Okay. Now scrap all that. Instead, think of a new, aggressive, technically sophisticated high-tech company that's taking on Sonic Software and Fiorano Software in the JMS space, and making a name for itself in the JMS-based mobile middleware market. That's Softwired.
"We are pretty much the only pure JMS play in the heart of Europe," says the company's CEO, Henry Wild, Ph.D. He says this, ironically, in an Australian accent--evidence of Softwired's being a very multi multinational company. It is based in Switzerland, just opened offices in Chicago and does business in American, Europe and Asia.
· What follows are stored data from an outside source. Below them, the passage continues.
Variables (i : nat) (a : nat -> R) (A : R) (z : nat -> R).
Hypothesis Hi : (1 <= i)%nat.
Hypothesis HA : 0 < A.
Hypothesis Ha : forall j, (1 <= j)%nat -> 0 < a j /\ a j <= A * INR j.
Hypothesis Hz : forall k, 0 <= z k.
Hypothesis HzX : X11 z.

Lemma loss_nonneg (k : nat) : 0 <= loss i a z k.
Proof.
  unfold loss. destruct (i <=? k)%nat eqn:E; [|lra].
  apply Nat.leb_le in E. apply Rmult_le_pos; [left; apply Ha; lia | apply Hz].
Qed.

Lemma loss_le_moment (k : nat) : loss i a z k <= A * moment z k.
Proof.
  unfold loss, moment. rewrite (Rabs_right (z k)) by (apply Rle_ge, Hz).
  destruct (i <=? k)%nat eqn:E.
  - apply Nat.leb_le in E. rewrite <- Rmult_assoc.
    apply Rmult_le_compat_r; [apply Hz | apply Ha; lia].
  - pose proof (pos_INR k). pose proof (Hz k).
    apply Rmult_le_pos; [lra | now apply Rmult_le_pos].
Qed.

Lemma loss_summable : infinite_sum (loss i a z) (series_sum (loss i a z)).
Proof.
  pose proof (infinite_sum_scal A _ _ (norm11_spec _ HzX)) as HAs.
  destruct (nonneg_series_bounded (loss i a z) (A * norm11 z) loss_nonneg) as [l Hl].
  - intro n. apply Rle_trans with (sum_f_R0 (fun k => A * moment z k) n).
    + apply sum_Rle. intros k _. apply loss_le_moment.
    + apply (sum_incr _ n _ HAs). intro k. pose proof (moment_nonneg z k).
      apply Rmult_le_pos; lra.
  - now rewrite (series_sum_spec _ _ Hl).
Qed.

Lemma loss_tail_le (n : nat) :
  series_sum (loss i a z) - sum_f_R0 (loss i a z) n <= A * tail n z.
Proof.
  pose proof (infinite_sum_tail_le _ _ _ _ n loss_le_moment loss_summable
    (infinite_sum_scal A _ _ (norm11_spec _ HzX))) as H.
  rewrite sum_scal_l in H. unfold tail. lra.
Qed.

Lemma F_at_bound : F i a z i <= - a i * z i - a (2 * i)%nat * z (2 * i)%nat.
Proof.
  pose proof (term_le_partial_sum _ (2 * i) loss_nonneg) as H1.
  pose proof (sum_incr _ (2 * i) _ loss_summable loss_nonneg) as H2.
  unfold loss at 1 in H1.
  replace (i <=? 2 * i)%nat with true in H1 by (symmetry; apply Nat.leb_le; lia).
  rewrite F_at. lra.
Qed.

Hypothesis Hzlow : forall k, (k < i)%nat -> z k = 0.

Lemma capped_flux_nonpos (N m : nat) : (i <= N)%nat ->
  sum_f_R0 (fun j => capped N j * F i a z j) (m + i) <= 0.
Proof.
  intros HN. rewrite (weighted_F_sum i a z (capped N) m Hi Hzlow), (capped_eq N i HN).
  set (B := loss i a z).
  assert (Hshift : sum_f_R0 (fun k => capped N (k + i)%nat * B k) m
                   - sum_f_R0 (fun k => capped N k * B k) m <= INR i * sum_f_R0 B m).
  { rewrite <- minus_sum, <- sum_scal_l. apply sum_Rle. intros k _.
    pose proof (capped_shift N i k). pose proof (loss_nonneg k). unfold B. nra. }
  assert (Hmono : sum_f_R0 (fun k => capped N k * B k) m
                  <= sum_f_R0 (fun k => capped N k * B k) (m + i)).
  { apply partial_sum_mono; [|lia]. intro k.
    apply Rmult_le_pos; [apply capped_nonneg | apply loss_nonneg]. }
  pose proof (sum_incr _ m _ loss_summable loss_nonneg). pose proof (pos_INR i).
  unfold B in *. nra.
Qed.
"The company got its start in 1997 when the current CTO, Dr. Silvano Maffeis, joined what was then a consulting firm," Wild notes. Maffeis had brought with him iBus, a distributed IP multicast JMS middleware platform. The company says iBus is high-speed and server-free, uses the JMS API and supports IP multicast. The company founders took one look at it and decided their consulting days were through.
Since '97, the company has been offering iBus in a number of forms and in direct competition with the likes of Sonic and Fiorano. It says, in fact, that its customers and partners include such big names as eBay, UBS, the U.S. Air Force, Tallán, Xerox, Northrop Grumman and LivePerson.
iBus's attractiveness, says Wild, lies not in the fact that it is just another JMS platform. Rather, he says, iBus is an extremely portable creature. "The need we saw was to be able to provide a middleware platform that transcended the Internet," he says. "[One] that would be able to support the extranet and mobile devices."
It's in mobile that Softwired really sees its future. In an age when cell phones and personal digital assistants (PDAs) and the ever-growing number of other WAP-enabled devices are all trying to link to the wireless Web, the company thinks iBus will be a natural.
"We think wireless is coming," Wild says. "And with it, the applications that will need iBus." He claims his company is the only one that can really provide mobile JMS at the moment. "There are people who are promising to do it," he says. "But no one actually has product."